コロナ禍にて。登校拒否と、療育と。

佐倉 紫

1月 まだそこまでは

2020年1月8日(水)

【2020年1月8日】


「行ってらっしゃ~い」


 ブロロ……と遠ざかる幼稚園バスを見送って、はぁ~と思わずため息が出る。ついでに笑顔も。ようやく冬休みが終わって、今日は幼稚園の始業式だ。


(夏休みに比べりゃ、そりゃあ短い期間だったし、預かり保育も使ったとはいえ、やっぱり家に子供がいない状態は羽を伸ばせるわ)


 まだ寒い中、コートの襟元をかき合わせながら家まで帰る。園バスの停車場から家までは50メートル。短い距離とは言え、この距離とたかだか五分の待ち時間でさえ、冬のただ中では苦行だ。


(いくら雪が降らない地域ったってね。寒いもんは寒いのよ)


 玄関扉をバタンと閉めて、ようやく家に入って。朝につけたエアコンがまだつけっぱなしの室内は、包み込むような温かさで、ついぬくぬくしてしまう。


「洗濯物はちょっと後回しにして、のんびるするかね」


 新学期のおかげでこっちの気も緩んでいる。テレビのチャンネルを教育番組からニュースに代えて、横目に見つつ洗濯物を干したり洗い物をしたり……そして、ネットを開いて国内の豪華客船のサイトを見て回った。
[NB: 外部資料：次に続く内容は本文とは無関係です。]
(* For finite asynchronous CCS, let $L_A$ be the set of labels of the transition system $A_I$ of the shape $-$ and $-\mid a.T_1$, for $a$ a channel name and $T_1$ a pure process. Then $L_A$-bisimilarity coincides with asynchronous bisimilarity: $\sim^{L_A}=\sim^A$.
   Context: Finite asynchronous CCS: names $a,b,\dots$; pure processes $P::=M\mid\bar a\mid(\nu a)P\mid P_1|P_2$ with summations $M::=\mathbf{0}\mid\tau.P\mid a.P\mid M_1+M_2$; extended processes also allow process variables $X$. Structural congruence $\equiv$: smallest congruence with $|$ commutative, associative, unit $\mathbf{0}$; $+$ commutative, associative, unit $\mathbf{0}$; $(\nu a)(\nu b)P\equiv(\nu b)(\nu a)P$; $(\nu a)(P|Q)\equiv P|(\nu a)Q$ if $a\notin fn(P)$; $\alpha$-conversion. Reduction $\rightsquigarrow$ (up to $\equiv$): $(a.P+M)|\bar a\rightsquigarrow P$, $\tau.P+M\rightsquigarrow P$, closed under $(\nu a)-$ and $-|R$. Ordinary LTS (up to $\equiv$), $\mu\in\{\tau,a,\bar a\}$: $a.P+M\xrightarrow{a}P$; $\tau.P+M\xrightarrow{\tau}P$; $\bar a\xrightarrow{\bar a}\mathbf{0}$; $P\xrightarrow{\mu}Q$ implies $(\nu a)P\xrightarrow{\mu}(\nu a)Q$ if $a\notin n(\mu)$ and $P|R\xrightarrow{\mu}Q|R$; $P\xrightarrow{a}P_1$, $Q\xrightarrow{\bar a}Q_1$ imply $P|Q\xrightarrow{\tau}P_1|Q_1$ (parallel composition commutative). Asynchronous bisimilarity $\sim^A$ is the largest symmetric relation $\mathcal{R}$ such that if $P\,\mathcal{R}\,Q$: $P\xrightarrow{\tau}P'$ implies $Q\xrightarrow{\tau}Q'$ with $P'\,\mathcal{R}\,Q'$; $P\xrightarrow{\bar a}P'$ implies $Q\xrightarrow{\bar a}Q'$ with $P'\,\mathcal{R}\,Q'$; $P\xrightarrow{a}P'$ implies either $Q\xrightarrow{a}Q'$ with $P'\,\mathcal{R}\,Q'$ or $Q\xrightarrow{\tau}Q'$ with $P'\,\mathcal{R}\,Q'|\bar a$. The LTS $A$: (Tau) $P\rightsquigarrow Q$ gives $P\xrightarrow{-}Q$; (Rcv) $P\equiv(\nu A)(a.Q+M|R)$, $a\notin A$ gives $P\xrightarrow{-|\bar a}(\nu A)(Q|R)$; (Snd) $P\equiv(\nu A)(\bar a|Q)$, $a\notin A$ gives $P\xrightarrow{-|a.X_1}(\nu A)(Q|X_1)$. $A_I$ instantiates the process variable: $P\xrightarrow{C[-]}_{A_I}Q$ iff $P\xrightarrow{C_\epsilon[-]}Q_\epsilon$ in $A$ and a capture-avoiding substitution $\sigma$ of a pure process for $X_1$ has $Q_\epsilon\sigma\equiv Q$, $C_\epsilon[-]\sigma=C[-]$. For a set $L$ of labels, an $L$-bisimulation is a symmetric relation $\mathcal{R}$ such that if $P\,\mathcal{R}\,Q$ and $P\xrightarrow{C[-]}_{A_I}P'$ then: if $C[-]\in L$, $Q\xrightarrow{C[-]}_{A_I}Q'$ with $P'\,\mathcal{R}\,Q'$; otherwise $C[Q]\rightsquigarrow Q'$ with $P'\,\mathcal{R}\,Q'$. $\sim^L$ is the largest $L$-bisimulation. *)

From Stdlib Require Import List Arith Bool.
Import ListNotations.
(次の話は豪華客船を舞台にしたロマンスにしたいのよね~)


 幼稚園の年長の娘、年少の息子を持つ主婦のわたしだが、ありがたいことに大人向けの恋愛小説作家として、ここ数年お仕事をいただいている。

 澄み渡った大海原を渡る真っ白な豪華客船……そこでくり広げられるちょっと大人の香りがするラブロマンス……最高じゃないか。


「しかし海外の船はすごすぎてちょっと参考にならないわ。時代的にもモデルはタイタニック号あたりがいいからなぁ」


 タイタニックの資料をあさり、ついでに有名なアメリカの映画も見つつ、現代のテイストも入れたいと思って、あれこれ豪華客船の資料を探す。


「ダイヤモンド・プリンセスかぁ。これも本当に大きい船だな」


 日本の豪華客船の中でも世界中を回る客船……サイトを見るだけでも心がわくわくする。

 おまけにこの令和の時代、実際に乗船したことのある人々が、館内の様子を撮影して動画サイトに上げていたりもする。それを見るだけでもテンションは上がるばかりだ。


「わあ~広い~。部屋に入ってすぐにお酒とお菓子が置いてあるって。すでにラグジュアリーすぎる。別世界だわ~」


 だが、この別世界を楽しんで書いていけるのが小説のいいところだ。参考となるサイトや動画をピックアップしながら、実際にどういう設備や催しを作中に落とそうか、構想を練っていく。

 画像に写る真っ青な大海原と、ダイヤモンド・プリンセスの真っ白な船体は、見ているだけで心を躍らされるものだった。


 ――まさかこの一ヶ月後、このダイヤモンド・プリンセスに乗船していた人々のあいだで新型ウィルスが流行って、わたしたちの生活にじわじわと『コロナ』という名前が染み込んでいくとは、思ってもいなかった。